The Suvorins, in whose attractive summer home he spent twelve days, greeted him warmly. They were zealous in entertaining him and introduced him to their friends in the neighborhood, including the old and famous marine painter, I. K. Aivazovsky, at whose home he dined sumptuously. Chekhov admired the artist's beautiful young wife, but her ancient husband — who had been personally acquainted with Pushkin — struck him as a combination of general, bishop, artist, Armenian, naive old peasant, and Othello. Aivazovsky was proud of the fact that he had never read a book in his life — because, he explained, he had opinions of his own. Formal social gatherings, however, palled on Chekhov. lie preferred to spend his time on the beach at Feodosiya — where, he said, he could live for a thousand years without being bored, and enjoy sea bathing in water that was as soft as the hair of an innocent girl.
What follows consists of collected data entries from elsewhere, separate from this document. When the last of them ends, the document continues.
(* Let $V$ be a vector space over a field $\mathbb{K}$ of characteristic $0$, let $F$ be a bilinear form on $V$, and set $a_F=a_1^F$. Then $\lambda_F=\exp(a_F)=\sum_{n\ge0}\frac{1}{n!}a_F^n$, where the series is finite when applied to any element of $\mathcal{T}(V)$.
   Context: $\mathcal{T}(V)$ is the tensor algebra of $V$. $a_1^F$ is the linear map on $\mathcal{T}(V)$ with $a_1^F(x_1\otimes\cdots\otimes x_p)=0$ for $p<2$ and $a_1^F(x_1\otimes\cdots\otimes x_p)=\sum_{1\le i<j\le p}(-1)^{i+j-1}F(x_i,x_j)\,x_1\otimes\cdots\widehat{x_i}\cdots\widehat{x_j}\cdots\otimes x_p$ for $p\ge2$. For $f\in V^*$, $i_f$ is the unique linear map on $\mathcal{T}(V)$ with $i_f(1)=0$ and $i_f(x\otimes u)=f(x)u-x\otimes i_f(u)$ ($x\in V$); $i_x^F:=i_{f_x}$ with $f_x(y)=F(x,y)$. $\Lambda_F:\mathcal{T}(V)\to\mathrm{End}(\mathcal{T}(V))$ is the unique unital algebra homomorphism with $\Lambda_F(x)(u)=x\otimes u+i_x^F(u)$ for $x\in V$, and $\lambda_F(u):=\Lambda_F(u)(1)$. *)

From HB Require Import structures.
From mathcomp Require Import all_boot all_order all_algebra.
Set Implicit Arguments.
Unset Strict Implicit.
Unset Printing Implicit Defensive.
Import Order.TTheory GRing.Theory Num.Theory.
Local Open Scope ring_scope.

Definition lin (K : fieldType) (U W : lmodType K) (f : U -> W) : Prop :=
  forall (k : K) (x y : U), f (k *: x + y) = k *: f x + f y.

Definition alg_hom_ext (K : fieldType) (V : lmodType K) (T A : algType K)
    (iota : V -> T) (f : V -> A) (g : T -> A) : Prop :=
  [/\ lin g, g 1 = 1, (forall u v, g (u * v) = g u * g v)
    & (forall x, g (iota x) = f x)].

Definition is_tensor_algebra (K : fieldType) (V : lmodType K) (T : algType K)
    (iota : V -> T) : Prop :=
  lin iota /\
  forall (A : algType K) (f : V -> A), lin f ->
    (exists g : T -> A, alg_hom_ext iota f g) /\
    (forall g1 g2 : T -> A, alg_hom_ext iota f g1 -> alg_hom_ext iota f g2 ->
       g1 =1 g2).

Definition pure (K : fieldType) (V : lmodType K) (T : algType K)
    (iota : V -> T) (xs : seq V) : T :=
  \prod_(x <- xs) iota x.

Definition rem2 (K : fieldType) (V : lmodType K) (xs : seq V) (i j : nat)
  : seq V :=
  [seq nth 0 xs k | k <- iota 0 (size xs) & (k != i) && (k != j)].

(* defining property of a_1^F (indices 0-based: (-1)^(i+j-1) with 1-based
   indices equals (-1)^(i+j+1) with 0-based ones); for p < 2 the sum is empty *)
Definition is_a1F (K : fieldType) (V : lmodType K) (T : algType K)
    (iota : V -> T) (F : V -> V -> K) (a : T -> T) : Prop :=
  lin a /\
  forall xs : seq V,
    a (pure iota xs) =
    \sum_(j < size xs) \sum_(i < j)
       ((-1) ^+ (i + j + 1) * F (nth 0 xs i) (nth 0 xs j))
         *: pure iota (rem2 xs i j).

(* defining property of the family i^F_x = i_{f_x}, f_x = F(x, .) *)
Definition is_iF (K : fieldType) (V : lmodType K) (T : algType K)
    (iota : V -> T) (F : V -> V -> K) (ix : V -> T -> T) : Prop :=
  forall x : V,
    [/\ lin (ix x), ix x 1 = 0
      & forall (y : V) (u : T), ix x (iota y * u) = F x y *: u - iota y * ix x u].

Definition is_LambdaF (K : fieldType) (V : lmodType K) (T : algType K)
    (iota : V -> T) (ix : V -> T -> T) (L : T -> T -> T) : Prop :=
  [/\ forall u, lin (L u),
      forall (k : K) (u v w : T), L (k *: u + v) w = k *: L u w + L v w,
      forall w, L 1 w = w,
      forall u v w, L (u * v) w = L u (L v w)
    & forall (x : V) (w : T), L (iota x) w = iota x * w + ix x w].

Definition bilinear_form (K : fieldType) (V : lmodType K) (F : V -> V -> K)
  : Prop :=
  forall (k : K) (x y z : V),
    F (k *: x + y) z = k * F x z + F y z /\
    F z (k *: x + y) = k * F z x + F z y.

From HB Require Import structures.
From mathcomp Require Import all_boot all_order all_algebra.
From mathcomp Require Import boolp.
Set Implicit Arguments.
Unset Strict Implicit.
Unset Printing Implicit Defensive.
Import Order.TTheory GRing.Theory Num.Theory.
Local Open Scope ring_scope.

(* The pure tensors span T(V): their span is a subalgebra containing V, so by
   the uniqueness part of the universal property its inclusion is onto.
   On pure tensors the defining formula of a = a_1^F unfolds to
   a (x u) = x a(u) + i_x(u); the i_x anticommute, hence commute with a, and
   a^(n+1)(x u) = x a^(n+1)(u) + (n+1) i_x(a^n u).  Thus a^(p+1) kills words
   of length p, and exp(a)(x u) = x exp(a)(u) + i_x(exp(a)(u)), which is the
   recursion Lambda_F(x u)(1) = x Lambda_F(u)(1) + i_x(Lambda_F(u)(1)). *)

Section LinearFacts.
Variables (K : fieldType) (U W : lmodType K) (f : U -> W).
Hypothesis lin_f : lin f.
#[local] HB.instance Definition _ := GRing.isLinear.Build K U W *:%R f lin_f.

Lemma lin0 : f 0 = 0. Proof. exact: linear0. Qed.
Lemma linD u v : f (u + v) = f u + f v. Proof. exact: linearD. Qed.
Lemma linZ k u : f (k *: u) = k *: f u. Proof. exact: linearZ. Qed.
Lemma linB u v : f (u - v) = f u - f v. Proof. exact: linearB. Qed.
Lemma lin_sum I (r : seq I) (P : pred I) (G : I -> U) :
  f (\sum_(i <- r | P i) G i) = \sum_(i <- r | P i) f (G i).
Proof. exact: linear_sum. Qed.

End LinearFacts.

Section PureSpan.
Variables (K : fieldType) (V : lmodType K) (T : algType K) (io : V -> T).

Definition pure_span : {pred T} := fun u =>
  `[< exists s : seq (K * seq V), u = \sum_(p <- s) p.1 *: pure io p.2 >].

Lemma pure_span_subalg_closed : subalg_closed pure_span.
Proof.
split.
- by apply/asboolP; exists [:: (1, [::])]; rewrite big_seq1 /pure big_nil scale1r.
- move=> k u v /asboolP[s1 ->] /asboolP[s2 ->]; apply/asboolP.
  exists ([seq (k * p.1, p.2) | p <- s1] ++ s2).
  rewrite big_cat big_map /= scaler_sumr; congr (_ + _).
  by apply: eq_bigr => p _; rewrite scalerA.
- move=> u v /asboolP[s1 ->] /asboolP[s2 ->]; apply/asboolP.
  exists [seq (p.1 * q.1, p.2 ++ q.2) | p <- s1, q <- s2].
  rewrite big_allpairs_dep mulr_suml; apply: eq_bigr => p _.
  rewrite mulr_sumr; apply: eq_bigr => q _ /=.
  by rewrite /pure big_cat -scalerAl -scalerAr scalerA.
Qed.

HB.instance Definition _ := GRing.isSubalgClosed.Build K T pure_span
  (GRing.subalg_closed_semi pure_span_subalg_closed).

Record pure_spanT :=
  PureSpanT { pure_span_val : T; _ : pure_span_val \in pure_span }.
HB.instance Definition _ := [isSub for pure_span_val].
HB.instance Definition _ := [Choice of pure_spanT by <:].
HB.instance Definition _ := [SubChoice_isSubAlgebra of pure_spanT by <:].

Lemma tensor_algebra_pure_span :
  is_tensor_algebra io -> forall u, u \in pure_span.
Proof.
move=> [lin_io univ] u.
have io_span x : io x \in pure_span.
  by apply/asboolP; exists [:: (1, [:: x])]; rewrite /pure !big_seq1 scale1r.
pose f x : pure_spanT := @PureSpanT (io x) (io_span x).
have lin_f : lin f by move=> k x y; apply: val_inj; rewrite /= lin_io.
have [[g [lin_g g1 gM g_io]] _] := univ _ f lin_f.
have [_ uniqT] := univ T io lin_io.
have val_g : (fun w => pure_span_val (g w)) =1 id.
  by apply: uniqT; split=> [k x y||x y|x] /=; rewrite ?lin_g ?g1 ?gM ?g_io.
by rewrite -(val_g u); case: (g u).
Qed.

Lemma tensor_ind (P : T -> Prop) : is_tensor_algebra io ->
  (forall ws, P (pure io ws)) ->
  (forall k u v, P u -> P v -> P (k *: u + v)) ->
  forall u, P u.
Proof.
move=> tens P_pure P_comb u.
have /asboolP[s ->] := tensor_algebra_pure_span tens u.
elim: s => [|p s IH]; last by rewrite big_cons; apply: P_comb.
have := P_comb (-1) _ _ (P_pure [::]) (P_pure [::]).
by rewrite big_nil scaleN1r addNr.
Qed.

Lemma lin_ext (W : lmodType K) (f g : T -> W) : is_tensor_algebra io ->
  lin f -> lin g -> (forall ws, f (pure io ws) = g (pure io ws)) -> f =1 g.
Proof.
move=> tens lin_f lin_g fg; apply: tensor_ind => // k u v fgu fgv.
by rewrite lin_f lin_g fgu fgv.
Qed.

End PureSpan.

Lemma nth_filter_iota_cons (X : Type) (x0 y : X) (ys : seq X) (P : pred nat) :
  [seq nth x0 (y :: ys) k | k <- iota 0 (size ys).+1 & P k] =
  (if P 0%N then [:: y] else [::]) ++
  [seq nth x0 ys k | k <- iota 0 (size ys) & P k.+1].
Proof.
rewrite /= -[1%N]/(1 + 0)%N iotaDl filter_map.
by case: (P 0%N); rewrite /= -map_comp.
Qed.

Section Rem2.
Variables (K : fieldType) (V : lmodType K).
Implicit Types (y : V) (ys : seq V).

Lemma rem2_cons00 y ys : rem2 (y :: ys) 0 0 = ys.
Proof.
rewrite /rem2 nth_filter_iota_cons (eq_filter (a2 := predT)) // filter_predT.
by rewrite -[RHS](mkseq_nth 0).
Qed.

Lemma rem2_cons0S y ys j : rem2 (y :: ys) 0 j.+1 = rem2 ys j j.
Proof.
rewrite /rem2 nth_filter_iota_cons /=; congr map.
by apply: eq_filter => k; rewrite /= eqSS andbb.
Qed.

Lemma rem2_consSS y ys i j : rem2 (y :: ys) i.+1 j.+1 = y :: rem2 ys i j.
Proof. by rewrite /rem2 nth_filter_iota_cons. Qed.

End Rem2.

Lemma pure_cons (K : fieldType) (V : lmodType K) (T : algType K) (io : V -> T)
  y ys : pure io (y :: ys) = io y * pure io ys.
Proof. by rewrite /pure big_cons. Qed.

Section Contraction.
Variables (K : fieldType) (V : lmodType K) (T : algType K) (io : V -> T).
Variables (F : V -> V -> K) (a : T -> T) (ix : V -> T -> T).
Hypotheses (tens : is_tensor_algebra io).
Hypotheses (Ha : is_a1F io F a) (Hi : is_iF io F ix).

Let lin_a : lin a. Proof. by case: Ha. Qed.
Let lin_ix x : lin (ix x). Proof. by case: (Hi x). Qed.

Lemma lin_iter n : lin (iter n a).
Proof. by elim: n => [|n IH] k u v //=; rewrite IH lin_a. Qed.

Lemma ix1 x : ix x 1 = 0. Proof. by case: (Hi x). Qed.

Lemma ix_mul_io x y u : ix x (io y * u) = F x y *: u - io y * ix x u.
Proof. by case: (Hi x). Qed.

(* [rem2 ys j j] is the word [ys] with its j-th letter deleted. *)
Lemma ix_pure x ys : ix x (pure io ys) =
  \sum_(j < size ys) ((-1) ^+ j * F x (nth 0 ys j)) *: pure io (rem2 ys j j).
Proof.
elim: ys => [|y ys IH]; first by rewrite /pure big_nil big_ord0 ix1.
rewrite pure_cons ix_mul_io IH big_ord_recl /= expr0 mul1r rem2_cons00.
congr (_ + _).
rewrite mulr_sumr -sumrN; apply: eq_bigr => j _.
by rewrite rem2_consSS pure_cons exprS mulN1r mulNr scaleNr -scalerAr add0n.
Qed.

(* Pairs (0, j) contract the first letter x and give ix x; the other pairs
   leave x in front. *)
Lemma a_pure_cons x ys :
  a (pure io (x :: ys)) = io x * a (pure io ys) + ix x (pure io ys).
Proof.
have [_ a_pure] := Ha.
rewrite !a_pure ix_pure /= big_ord_recl big_ord0 add0r mulr_sumr addrC.
rewrite -big_split /=.
apply: eq_bigr => j _; rewrite /bump /= add1n big_ord_recl /= rem2_cons0S !add0n.
congr (_ + _); first by rewrite addn1 !exprS !mulN1r opprK.
rewrite mulr_sumr; apply: eq_bigr => i _; rewrite /bump /= add1n.
rewrite rem2_consSS pure_cons -scalerAr add0n !addSn !addnS !addSn.
by rewrite !exprS !mulN1r !opprK.
Qed.

Lemma a1 : a 1 = 0.
Proof.
by have [_ a_pure] := Ha; have := a_pure [::]; rewrite /pure big_nil big_ord0.
Qed.

Lemma a_mul_io x u : a (io x * u) = io x * a u + ix x u.
Proof.
apply: (lin_ext (f := fun u => a (io x * u))
                (g := fun u => io x * a u + ix x u) tens) => //.
- by move=> k v w; rewrite mulrDr -scalerAr lin_a.
- by move=> k v w; rewrite lin_a lin_ix mulrDr -scalerAr scalerDr addrACA.
- by move=> ws; rewrite -pure_cons a_pure_cons.
Qed.

Lemma ix_anticomm x y u : ix x (ix y u) = - ix y (ix x u).
Proof.
apply: (lin_ext (f := fun u => ix x (ix y u))
                (g := fun u => - ix y (ix x u)) tens) => //.
- by move=> k v w; rewrite !lin_ix.
- by move=> k v w; rewrite !lin_ix opprD scalerN.
elim=> [|z ws IH].
  by rewrite /pure big_nil !ix1 (lin0 (lin_ix x)) (lin0 (lin_ix y)) oppr0.
rewrite pure_cons !ix_mul_io !(linB (lin_ix _)) !(linZ (lin_ix _)) !ix_mul_io IH.
by rewrite mulrN !opprB addrA.
Qed.

Lemma a_ix x u : a (ix x u) = ix x (a u).
Proof.
apply: (lin_ext (f := fun u => a (ix x u))
                (g := fun u => ix x (a u)) tens) => //.
- by move=> k v w; rewrite lin_ix lin_a.
- by move=> k v w; rewrite lin_a lin_ix.
elim=> [|z ws IH].
  by rewrite /pure big_nil ix1 a1 (lin0 lin_a) (lin0 (lin_ix x)).
rewrite pure_cons ix_mul_io (linB lin_a) (linZ lin_a) !a_mul_io (linD (lin_ix x)).
by rewrite ix_mul_io IH ix_anticomm opprB addrCA addrC.
Qed.

Lemma iter_a_mul_io n x u : iter n.+1 a (io x * u) =
  io x * iter n.+1 a u + n.+1%:R *: ix x (iter n a u).
Proof.
elim: n => [|n IH]; first by rewrite /= a_mul_io scale1r.
rewrite iterS IH (linD lin_a) (linZ lin_a) a_mul_io a_ix -addrA; congr (_ + _).
by rewrite [in RHS]mulrS scalerDl scale1r.
Qed.

Lemma iter_a_pure ws n : (size ws < n)%N -> iter n a (pure io ws) = 0.
Proof.
elim: ws n => [|x ws IH] [|n] // lt_ws_n.
  by rewrite iterSr /pure big_nil a1 (lin0 (lin_iter n)).
rewrite pure_cons iter_a_mul_io !IH ?(ltnW lt_ws_n) //.
by rewrite mulr0 (lin0 (lin_ix x)) scaler0 addr0.
Qed.

Lemma a_nilpotent u : exists N, forall n, (N <= n)%N -> iter n a u = 0.
Proof.
move: u; apply: (tensor_ind tens) => [ws|k u v [Nu nil_u] [Nv nil_v]].
  by exists (size ws).+1 => n; apply: iter_a_pure.
exists (maxn Nu Nv) => n; rewrite geq_max => /andP[le_Nu le_Nv].
by rewrite lin_iter nil_u // nil_v // scaler0 addr0.
Qed.

Definition exp_series u N := \sum_(n < N) (n`!%:R)^-1 *: iter n a u.

Lemma lin_exp_series N : lin (exp_series ^~ N).
Proof.
move=> k u v; rewrite /exp_series scaler_sumr -big_split; apply: eq_bigr => n _.
by rewrite lin_iter scalerDr !scalerA mulrC.
Qed.

Lemma exp_series_stable u N M : (forall n, (N <= n)%N -> iter n a u = 0) ->
  (N <= M)%N -> exp_series u M = exp_series u N.
Proof.
move=> nil_u; elim: M => [|M IH]; first by rewrite leqn0 => /eqP ->.
rewrite leq_eqVlt => /orP[/eqP -> //|]; rewrite ltnS => le_NM.
rewrite [LHS]/exp_series big_ord_recr /= nil_u // scaler0 addr0.
by rewrite -/(exp_series u M) IH.
Qed.

Hypothesis char0 : [pchar K] =i pred0.

Lemma exp_series_mul_io x u N : exp_series (io x * u) N.+1 =
  io x * exp_series u N.+1 + ix x (exp_series u N).
Proof.
rewrite /exp_series !big_ord_recl /= mulrDr -addrA; congr (_ + _).
  by rewrite -scalerAr.
rewrite (lin_sum (lin_ix x)) mulr_sumr -big_split; apply: eq_bigr => n _ /=.
rewrite /bump /= add1n add0n -iterS iter_a_mul_io scalerDr scalerA -scalerAr.
rewrite (linZ (lin_ix x)); congr (_ + _).
have n1_neq0 : n.+1%:R != 0 :> K by move/pcharf0P: char0 => ->.
by rewrite factS natrM invfM mulrAC mulVf // mul1r.
Qed.

Variable L : T -> T -> T.
Hypothesis HL : is_LambdaF io ix L.

Lemma Lambda_pure ws N : (size ws < N)%N ->
  L (pure io ws) 1 = exp_series (pure io ws) N.
Proof.
have [_ _ L1 LM L_io] := HL.
elim: ws N => [|x ws IH] [|N] //= lt_ws_N.
  rewrite /pure big_nil L1 /exp_series big_ord_recl /= invr1 scale1r.
  rewrite big1 ?addr0 //.
  by move=> n _; rewrite -iterS iterSr a1 (lin0 (lin_iter _)) scaler0.
rewrite pure_cons LM L_io exp_series_mul_io -(IH N) //.
by rewrite -(IH N.+1) ?(ltnW lt_ws_N).
Qed.

Lemma Lambda_exp_series u :
  exists N0, forall N, (N0 <= N)%N -> L u 1 = exp_series u N.
Proof.
have [_ L_lin _ _ _] := HL.
move: u; apply: (tensor_ind tens) => [ws|k u v [Nu Lu] [Nv Lv]].
  by exists (size ws).+1 => N; apply: Lambda_pure.
exists (maxn Nu Nv) => N; rewrite geq_max => /andP[le_Nu le_Nv].
by rewrite L_lin lin_exp_series (Lu N) // (Lv N).
Qed.

End Contraction.

Theorem mainTheorem7 (K : fieldType) (V : lmodType K) (T : algType K)
    (iota : V -> T) (F : V -> V -> K) (a : T -> T) (ix : V -> T -> T)
    (L : T -> T -> T) :
  [pchar K] =i pred0 ->
  is_tensor_algebra iota ->
  bilinear_form F ->
  is_a1F iota F a -> is_iF iota F ix -> is_LambdaF iota ix L ->
  forall u : T,
    (exists N : nat, forall n, (N <= n)%N -> iter n a u = 0) /\
    (forall N : nat, (forall n, (N <= n)%N -> iter n a u = 0) ->
       L u 1 = \sum_(n < N) (n`!%:R)^-1 *: iter n a u).
Proof.
move=> char0 tens _ Ha Hi HL u; split; first exact: a_nilpotent tens Ha Hi u.
move=> N nil_u; have [N0 L_exp] := Lambda_exp_series tens Ha Hi char0 HL u.
rewrite (L_exp (maxn N N0)) ?leq_maxr //.
exact: exp_series_stable nil_u (leq_maxl _ _).
Qed.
The real friendship that had begun between Chekhov and the Suvorins during his stay with them in Petersburg developed into intimacy at Feodosiya. It was impossible to be with Suvorin and be silent, Chekhov remarked; they discussed all possible subjects day and night. Despite her constant chatter, Suvorin's wife now won his admiration for her originality and cleverness. And her husband, he wrote Leontiev-Shcheglov, "is a great man. In art he is like a setter hunting a snipe — that is, he works with a devilish flair and always burns with passion. lie is a poor theoretician, has no taste for science; there is much he doesn't know and he is self-taught in everything, but from this comes his sheer doglike soundness and wholeness, and hence his independence of mind." (July 18, 1888.) There is some reason to believe that, during this stay at Feodosiya, Chekhov discussed and outlined his play The Wood Demon, which he offered to do in collaboration with Suvorin.
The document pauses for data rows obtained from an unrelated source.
Theorem proposition6p12 (F : finFieldType) (n : nat) :
  let q := #|F| in
  let T := {vspace 'rV[F]_n} in
  (exists J : T -> T -> T -> int,
      J_spec (@subspace_le F n) J) /\
  (forall J : T -> T -> T -> int,
      J_spec (@subspace_le F n) J ->
      map_poly (fun z : int => z%:~R : rat)
        (Mpoly (@subspace_le F n) (@subspace_rk F n) J)
      = \sum_(0 <= i < n.+1) \sum_(i <= j < n.+1) \sum_(j <= k < n.+1)
          ((-1) ^+ (k - i)%N * qmultinom q n [:: i; (j - i)%N; (k - j)%N; (n - k)%N]
            * (q ^ ('C(j - i, 2) + 'C(k - j, 2)))%:R) *: 'X^(3 * n - i - j - k)).
Proof.
move=> q T; pose mu (a b : T) : int := qmobius q (\dim b - \dim a).
have mu_spec : J_spec (@subspace_le F n) (fun a y b => mu a y * mu y b).
  exact: J_spec_mobius_product (@sum_qmobius_subspaces_left F n)
                               (@sum_qmobius_subspaces_right F n).
split; first by exists (fun a y b => mu a y * mu y b).
move=> J J_spec_J.
rewrite (map_Mpoly_subspaces (c := fun i j k => qmobius q (j - i) * qmobius q (k - j))).
  apply: eq_big_nat => i _; apply: eq_big_nat => j /andP[ij _].
  apply: eq_big_nat => k /andP[jk _]; rewrite /= rmorphM /= !intr_qmobius /qmobius.
  have -> : (k - i = (j - i) + (k - j))%N by lia.
  by congr (_ *: _); rewrite -/q exprD expnD natrM; ring.
move=> x y z xy yz.
apply: (J_spec_unique (rk := @subspace_rk F n) _ _ J_spec_J mu_spec xy yz).
  exact: subvv.
exact: dimv_ltn.
Qed.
Though Suvorin vowed he would keep his guest there until September, Chekhov soon felt he must get away. He liked these lazy, luxurious days: arising at eleven, coffee on the beach, bathing under the hot sun, games, excursions, meals with rich food, jolly evenings, stimulating conversation, and getting to bed at three in the morning. But his conscience had begun to trouble him. No writing was getting done and news from Masha warned him of the low state of finances at Luka. He seized the occasion to leave with Suvorin's son, Aleksei, on his trip to the Caucasus. They left Feodosiya by steamer for Batum, making brief stops at the New Athos Monastery in Abkhazia, and at Sukhum.